Hz. Resûl-i Ekrem’i materyal ile ikna edemeyen Mekke toplumu, materyalizmin manevi baskısını, yani kamuoyu baskısını devreye sokmuş, onun üzerinden Onu vazgeçirmeye çalışmıştır. Buna karşılık Hz. Resûl-i Ekrem, vakarla dururken sıklıkla kendisinden önceki Resûllerin kavimleri karşısında ifade ettikleri gibi kınamadan korkmadığını ifade etmiş ve ameliyle de ispatlamıştır. Hz. Resûl-i Ekrem, ilahi kelam üzerinden kararlılıkla toplumun kınamasına karşılık yüce Allah tarafından kınanmayı öne çıkarmış, böyle bir kınanmanın, asıl kınanma olduğunu ifade etmiştir.
Hz.
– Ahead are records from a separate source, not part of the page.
(* A signed quantity a is
   carried by the pair relu a, relu (- a), from which the next layer reads
   a = relu a - relu (- a); the ramp is split into its halves relu (t + 1), relu t. *)
Definition wide_units k (v : 'rV[R]_2) (i : nat) : R :=
  let y := shifted c k (in_x v) in let l := in_l v in
  match i with
  | 0%N => relu (c * (y - 2^-1) + 1) | 1%N => relu (c * (y - 2^-1))
  | 2%N => relu y | 3%N => relu (- y)
  | 4%N => relu (l - k.+1%:R) | 5%N => relu (k.+1%:R - l)
  | _ => select_sum c k (in_x v) l end.

Definition narrow_units k (v : 'rV[R]_2) (i : nat) : R :=
  let y := shifted c k.+1 (in_x v) in let l := in_l v in
  match i with
  | 0%N => relu y | 1%N => relu (- y)
  | 2%N => relu (l - k.+1%:R) | 3%N => relu (k.+1%:R - l)
  | 4%N => select_sum c k (in_x v) l | _ => select_digit c k (in_x v) l end.

Definition w_input (i j : nat) : R :=
  match i, j with
  | 0%N, 0%N => c | 0%N, 1%N => c | 0%N, 2%N => 1 | 0%N, 3%N => -1
  | 1%N, 4%N => 1 | 1%N, 5%N => -1
  | _, _ => 0 end.

Definition w_narrow (i j : nat) : R :=
  match i, j with
  | 0%N, 0%N => -1 | 1%N, 0%N => 1 | 2%N, 0%N => 2 | 3%N, 0%N => -2
  | 0%N, 1%N => 1 | 1%N, 1%N => -1 | 2%N, 1%N => -2 | 3%N, 1%N => 2
  | 4%N, 2%N => 1 | 5%N, 3%N => 1 | 6%N, 4%N => 1
  | 0%N, 5%N => 1 | 1%N, 5%N => -1 | 4%N, 5%N => -1 | 5%N, 5%N => -1
  | _, _ => 0 end.

Definition w_wide (i j : nat) : R :=
  match i, j with
  | 0%N, 0%N => c | 1%N, 0%N => - c | 0%N, 1%N => c | 1%N, 1%N => - c
  | 0%N, 2%N => 1 | 1%N, 2%N => -1 | 0%N, 3%N => -1 | 1%N, 3%N => 1
  | 2%N, 4%N => 1 | 3%N, 4%N => -1 | 2%N, 5%N => -1 | 3%N, 5%N => 1
  | 4%N, 6%N => 1 | 5%N, 6%N => 1
  | _, _ => 0 end.

Definition b_wide (j : nat) : R :=
  match j with 0%N => 1 - c / 2 | 1%N => - (c / 2) | 4%N => -1 | 5%N => 1 | _ => 0 end.

Ltac expand_sum := rewrite !big_ord_recl big_ord0 /bump /= ?add1n.

Lemma hidden_first_wide : hidden 2 8 1 7 (fun v => \row_(j < 7) wide_units 0 v j).
Proof.
apply: (hidden_layer (F := fun v i => if i is 0%N then in_x v else in_l v)
  (w := w_input) (b := b_wide) (hidden0 _ _)) => [v | // | v j].
  by apply/rowP => -[[|[|i]] hi] //; rewrite !mxE /in_x /in_l /=; f_equal; apply: val_inj.
expand_sum; case: j => [[|[|[|[|[|[|[|j]]]]]]] hj] //=;
  rewrite ?shifted0 ?mulr0 ?mulr1 ?addr0 ?relu_relu //;
  first [by rewrite relu_eq0 | by congr relu; field].
Qed.

Lemma hidden_narrow {k d} {g : 'rV[R]_2 -> 'rV[R]_7} :
  hidden 2 8 d 7 g -> (forall v, g v = \row_(i < 7) wide_units k v i) ->
  hidden 2 8 d.+1 6 (fun v => \row_(j < 6) narrow_units k v j).
Proof.
move=> hg gE; apply: (hidden_layer (w := w_narrow) (b := fun=> 0) hg gE) => [// | v j].
have hy := reluBreluN (shifted c k (in_x v)).
expand_sum; case: j => [[|[|[|[|[|[|j]]]]]] hj] //=;
  rewrite ?mulr0 ?mulr1 ?addr0 ?add0r ?relu_relu //.
- by congr relu; rewrite shiftedS /digit /ramp; lra.
- by congr relu; rewrite shiftedS /digit /ramp; lra.
- by rewrite relu_id ?select_sum_ge0.
- by rewrite /select_digit /digit /ramp; congr relu; lra.
Qed.

Lemma hidden_wide {k d} {g : 'rV[R]_2 -> 'rV[R]_6} :
  hidden 2 8 d 6 g -> (forall v, g v = \row_(i < 6) narrow_units k v i) ->
  hidden 2 8 d.+1 7 (fun v => \row_(j < 7) wide_units k.+1 v j).
Proof.
move=> hg gE; apply: (hidden_layer (w := w_wide) (b := b_wide) hg gE) => [// | v j].
have hy := reluBreluN (shifted c k.+1 (in_x v)).
have hcy : relu (shifted c k.+1 (in_x v)) * c + relu (- shifted c k.+1 (in_x v)) * - c
           = shifted c k.+1 (in_x v) * c by rewrite mulrN -mulrBl hy.
have hl := reluBreluN (in_l v - k.+1%:R); rewrite opprB in hl.
have k2 : (k.+2%:R : R) = k.+1%:R + 1 by rewrite -natr1.
expand_sum; case: j => [[|[|[|[|[|[|[|j]]]]]]] hj] //;
  rewrite /= ?mulr0 ?mulr1 ?addr0 ?add0r ?relu_relu ?k2 //; try by congr relu; lra.
by rewrite relu_id // addr_ge0 ?select_sum_ge0 ?relu_ge0.
Qed.

Lemma hidden_narrow_chain k : exists g : 'rV[R]_2 -> 'rV[R]_6,
  hidden 2 8 k.*2.+2 6 g /\ forall v, g v = \row_(i < 6) narrow_units k v i.
Proof.
elim: k => [|k [g [hg gE]]]; eexists; split=> //.
  exact: hidden_narrow hidden_first_wide _.
by rewrite doubleS; apply: hidden_narrow (hidden_wide hg gE) _.
Qed.

Lemma select_sum_NN L : NN 2 8 (2 * L) (fun v => select_sum c L (in_x v) (in_l v)).
Proof.
case: L => [|k].
  exists 0%N, 2%N, id, 0, 0; split => //; split; first exact: hidden0.
  by move=> v; rewrite mulmx0 mxE addr0.
have [g [hg gE]] := hidden_narrow_chain k.
exists k.*2.+2, 6%N, g, (\col_(i < 6) if (4 <= i)%N then 1 else 0), 0.
split; first lia.
by split=> // v; rewrite gE mxE; expand_sum; rewrite !mxE /=; lra.
Qed.

End Network.

Lemma select_sum_pow2_lip (R : realType) L (x x' l l' : R) :
  `|select_sum (2 ^+ L) L x l - select_sum (2 ^+ L) L x' l'|
    <= 2 * 2 ^+ (L ^ 2) * `|x - x'| + L%:R * `|l - l'|.
Proof.
case: L => [|k].
  by rewrite subrr normr0 mul0r addr0 mulr_ge0 ?normr_ge0 // mulr_ge0 ?exprn_ge0.
rewrite -mulnn exprM; apply: select_sum_lip.
by rewrite exprS ler_peMr ?exprn_ege1 //; lra.
Qed.

Theorem lemma29 (R : realType) (L : nat) :
  exists phi : 'rV[R]_2 -> R,
    NN 2 8 (2 * L) phi /\
    (forall (xs : nat -> bool) (l : nat), (1 <= l <= L)%N ->
       phi (vec2 (\sum_(1 <= j < L.+1) (xs j)%:R / 2 ^+ j) l%:R) = (xs l)%:R) /\
    (forall x x' l l' : R,
       `|phi (vec2 x l) - phi (vec2 x' l')|
         <= 2 * 2 ^+ (L ^ 2) * `|x - x'| + L%:R * `|l - l'|).
Proof.
have in_xE (x l : R) : in_x (vec2 x l) = x by rewrite /in_x mxE.
have in_lE (x l : R) : in_l (vec2 x l) = l by rewrite /in_l mxE.
exists (fun v => select_sum (2 ^+ L) L (in_x v) (in_l v)).
split; first exact: select_sum_NN.
split=> [xs l /andP[l1 lL] | x x' l l']; rewrite !in_xE !in_lE; last first.
  exact: select_sum_pow2_lip.
have -> : \sum_(1 <= j < L.+1) (xs j)%:R / 2 ^+ j = bin_tail L xs 0 :> R.
  by apply: eq_bigr => j _; rewrite subn0.
by rewrite select_sum_bin_tail ?lL.
Qed.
Resûl-i Ekrem’den önce iktidar olmak; daha önceki peygamberlerin yolu bir yana, bir kişinin hanedanı için iktidar talep etmesi ve böyle bir iktidar için menfaat gruplarını etrafında toplayıp o ortaklarla birlikte oluşturduğu asabiye ile tahta oturması şeklinde gerçekleşiyordu.
Hz. Resûl-i Ekrem ise kendisi için hiçbir şey talep etmeden hakka yöneliş üzerinden iktidar yoluna çağırmış; topluma sadece hakkı talep ettiğini ve onları da hakka yönelteceğini temin etmiştir. Hz. Resûl-i Ekrem’in daveti dünyevi anlamda bundan ibarettir. Kişiler, dünya zemininde son mükâfatı ahirette elde etmek üzere hakka yönelecekler, hakkı hakim kılacaklar, hak için kendilerinden, toplumsal konum ve varlıklarından vazgeçeceklerdir.
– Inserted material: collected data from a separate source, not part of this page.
Lemma nat_down_ind (P : nat -> Prop) (N : nat) :
  P N -> (forall t, (t < N)%nat -> P (S t) -> P t) -> forall t, (t <= N)%nat -> P t.
Proof.
  intros HN Hstep t Ht. replace t with (N - (N - t))%nat by lia.
  induction (N - t)%nat as [|k IH]; [now rewrite Nat.sub_0_r|].
  destruct (Nat.lt_ge_cases k N).
  - apply Hstep; [lia|]. now replace (S (N - S k)) with (N - k)%nat by lia.
  - now replace (N - S k)%nat with (N - k)%nat by lia.
Qed.

Lemma cdf_nonneg (f : R -> R) :
  (forall x y, x <= y -> f x <= f y) -> (forall x, x < 0 -> f x = 0) -> forall x, 0 <= f x.
Proof.
  intros Hmono Hneg x. rewrite <- (Hneg (Rmin x (-1))) by (unfold Rmin; destruct Rle_dec; lra).
  apply Hmono, Rmin_l.
Qed.

Section Grid.
Variable theta : R.
Hypothesis Htheta : 0 < theta.

Lemma zg_sub a b : zg theta a - zg theta b = zg theta (a - b).
Proof. unfold zg. rewrite minus_IZR. ring. Qed.

Lemma zg_succ a : zg theta (a + 1) = zg theta a + theta.
Proof. unfold zg. rewrite plus_IZR. ring. Qed.

Lemma zg_lt_inv a b : zg theta a < zg theta b -> (a < b)%Z.
Proof. unfold zg. intros H. apply lt_IZR, Rmult_lt_reg_r with theta; assumption. Qed.

Lemma zg_window_eq a b : zg theta a <= zg theta b -> zg theta b < zg theta a + theta -> b = a.
Proof.
  intros Hlo Hhi. rewrite <- zg_succ in Hhi.
  apply zg_lt_inv in Hhi. destruct (Z.lt_ge_cases b a) as [Hba|]; [|lia].
  apply IZR_lt in Hba. unfold zg in Hlo. nra.
Qed.

Lemma nidx_spec y sn :
  zg theta (nidx theta y sn - 1) <= y - sn < zg theta (nidx theta y sn).
Proof.
  unfold nidx. apply epsilon_spec.
  exists (up ((y - sn) / theta)). destruct (archimed ((y - sn) / theta)) as [Hup1 Hup2].
  set (u := (y - sn) / theta) in *. unfold zg. rewrite minus_IZR.
  replace (y - sn) with (u * theta) by (unfold u; field; lra).
  split; [apply Rmult_le_compat_r|apply Rmult_lt_compat_r]; lra.
Qed.

Lemma ftab_telescope F t M :
  sum_f_R0 (fun i => ftab theta F t (Z.of_nat i - 1)) M =
  F t (zg theta (Z.of_nat M)) - F t (zg theta (-1)).
Proof.
  induction M as [|M IH]; [reflexivity|].
  rewrite tech5, IH. unfold ftab.
  replace (Z.of_nat (S M) - 1 + 1)%Z with (Z.of_nat (S M)) by lia.
  replace (Z.of_nat (S M) - 1)%Z with (Z.of_nat M) by lia. ring.
Qed.

End Grid.

Section Bound.
Variables (T : nat) (alpha theta : R) (F : nat -> R -> R) (gamma s : nat -> R).

Definition bound_term (t : nat) (y : R) (n : nat) : R :=
  alpha ^ n * gamma (t + n)%nat *
  prod_upto n (fun m => F (t + m)%nat (y + INR (m + 1) * theta - s (t + m + 1)%nat)).

Definition bound (t : nat) (y : R) : R :=
  gamma t * theta + theta * sum_from1 (T - 1 - t) (bound_term t y).

Lemma bound_term_succ t y n :
  bound_term t y (S n) = alpha * F t (y + theta - s (S t)) * bound_term (S t) (y + theta) n.
Proof.
  unfold bound_term. rewrite prod_upto_shift.
  rewrite (prod_upto_ext n _
    (fun m => F (S t + m)%nat (y + theta + INR (m + 1) * theta - s (S t + m + 1)%nat))).
  - replace (t + 0 + 1)%nat with (S t) by lia. replace (t + S n)%nat with (S t + n)%nat by lia.
    simpl INR. simpl pow. replace (y + 1 * theta) with (y + theta) by ring. rewrite Nat.add_0_r. ring.
  - intros m _. replace (t + S m)%nat with (S t + m)%nat by lia.
    replace (S m + 1)%nat with (S (m + 1)) by lia. rewrite S_INR. f_equal. ring.
Qed.

Lemma bound_last y : bound (T - 1) y = gamma (T - 1)%nat * theta.
Proof. unfold bound. rewrite Nat.sub_diag. simpl. ring. Qed.

Lemma bound_step t y : (t < T - 1)%nat ->
  bound t y = gamma t * theta + alpha * F t (y + theta - s (S t)) * bound (S t) (y + theta).
Proof.
  intros Ht. unfold bound.
  replace (T - 1 - t)%nat with (S (T - 1 - S t)) by lia.
  rewrite sum_from1_shift, bound_term_succ.
  rewrite (sum_from1_ext _ _ (fun n =>
    alpha * F t (y + theta - s (S t)) * bound_term (S t) (y + theta) n))
    by (intros; apply bound_term_succ).
  rewrite sum_from1_scal.
  unfold bound_term at 1. rewrite Nat.add_0_r. simpl. ring.
Qed.

Hypothesis HT : (1 <= T)%nat.
Hypothesis Halpha : 0 <= alpha.
Hypothesis Htheta : 0 <= theta.
Hypothesis HFnonneg : forall t x, (t < T)%nat -> 0 <= F t x.
Hypothesis HFmono : forall t x y, (t < T)%nat -> x <= y -> F t x <= F t y.
Hypothesis Hgamma : forall t, (t < T)%nat -> 0 <= gamma t.

Lemma bound_nonneg t y : (t <= T - 1)%nat -> 0 <= bound t y.
Proof.
  intros Ht. revert y. pattern t. apply (nat_down_ind _ (T - 1)); [| |exact Ht].
  - intros y. rewrite bound_last. apply Rmult_le_pos; [apply Hgamma; lia|exact Htheta].
  - intros t' Ht' IH y. rewrite bound_step by exact Ht'.
    apply Rplus_le_le_0_compat; [apply Rmult_le_pos; [apply Hgamma; lia|exact Htheta]|].
    apply Rmult_le_pos; [apply Rmult_le_pos; [exact Halpha|apply HFnonneg; lia]|apply IH].
Qed.

Lemma bound_mono t y y' : (t <= T - 1)%nat -> y <= y' -> bound t y <= bound t y'.
Proof.
  intros Ht. revert y y'. pattern t. apply (nat_down_ind _ (T - 1)); [| |exact Ht].
  - intros y y' _. rewrite !bound_last. lra.
  - intros t' Ht' IH y y' Hy. rewrite (bound_step t' y), (bound_step t' y') by exact Ht'.
    apply Rplus_le_compat_l. rewrite !Rmult_assoc. apply Rmult_le_compat_l; [exact Halpha|].
    apply Rmult_le_compat.
    + apply HFnonneg; lia.
    + apply bound_nonneg; lia.
    + apply HFmono; [lia|lra].
    + apply IH; lra.
Qed.

End Bound.

Section Estimate.
Variables (T : nat) (alpha theta : R) (c K : nat -> R) (G F : nat -> R -> R)
          (mu gamma : nat -> R).

Local Notation s := (s_ T alpha theta c K G F mu).
Local Notation psb := (psibar T alpha theta c K G F mu gamma).
Local Notation phb := (phibar T alpha theta c K G F mu gamma).
Local Notation B := (bound T alpha theta F gamma s).

Lemma psibar_step t x y : (t < T - 1)%nat ->
  psb t x y =
  if Rlt_dec y (s (S t) - theta) then gamma t * x
  else gamma t * x + alpha *
    sum_f_R0 (fun i => phb (S t) x (y - zg theta (Z.of_nat i - 1)) *
                       ftab theta F t (Z.of_nat i - 1))
             (Z.to_nat (nidx theta y (s (S t)))).
Proof.
  intros Ht. unfold psibar, phibar.
  replace (T - 1 - t)%nat with (S (T - 1 - S t)) by lia. cbn [psiphi fst snd].
  now replace (T - 1 - S (T - 1 - S t))%nat with t by lia.
Qed.

Lemma phibar_step t x y : (t < T - 1)%nat ->
  phb t x y =
  if Rlt_dec y (s t) then 0
  else if Rlt_dec (y - x) (s t) then psb t (y - s t + theta) y else psb t x y.
Proof.
  intros Ht. unfold psibar, phibar.
  replace (T - 1 - t)%nat with (S (T - 1 - S t)) by lia. cbn [psiphi fst snd].
  now replace (T - 1 - S (T - 1 - S t))%nat with t by lia.
Qed.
Hz. Resûl-i Ekrem, on üç yıl boyunca Kelime-i Tevhid’i kabul üzerinden davasını anlatırken bu hakka inanma, hakkın yanında yer alma, hak için kendinden vazgeçme çizgisinden milim taviz vermemiştir. O bu kararlı hâliyle, devrin insanına, insanlığın önderi olduğunu ispatlamış, inandırmış, bunun üzerinden onlarda davranış değişikliği hasıl edip onları şirkten tevhide getirmiştir.
MEDİNE’DE MÜSLÜMAN TOPLUMU İRŞAD
Hz. Resûl-i Ekrem salallahü aleyhi vesellem, ne Mekke’de Müslüman bireyi ne Medine’de Müslüman toplumu kendi hâline bırakmıştır.
Medine’de ayakları şişinceye kadar nafile namaz kıldığı gibi nasıl olur da bu kadar ayakta durur deninceye kadar Mescid-i Nebevî’de ve diğer mekânlarda vaaz ve nasihatte bulunurdu.
Anlatmak… Anlatmak… Anlatmak… Hz. Resûl-i Ekrem’in Mekke’de olduğu gibi Medine’de de en önemli irşad aracıdır. Ancak Hz. Resûl-i Ekrem, aynı zamanda artık bir devlet başkanıydı ve Onun toplumla ilişkiler nezdinde iki imtihan noktası vardı:
1.Adaleti gözetecek miydi?
2.Devrin maddeye esir olmuş devlet başkanlarına benzeyecek miydi?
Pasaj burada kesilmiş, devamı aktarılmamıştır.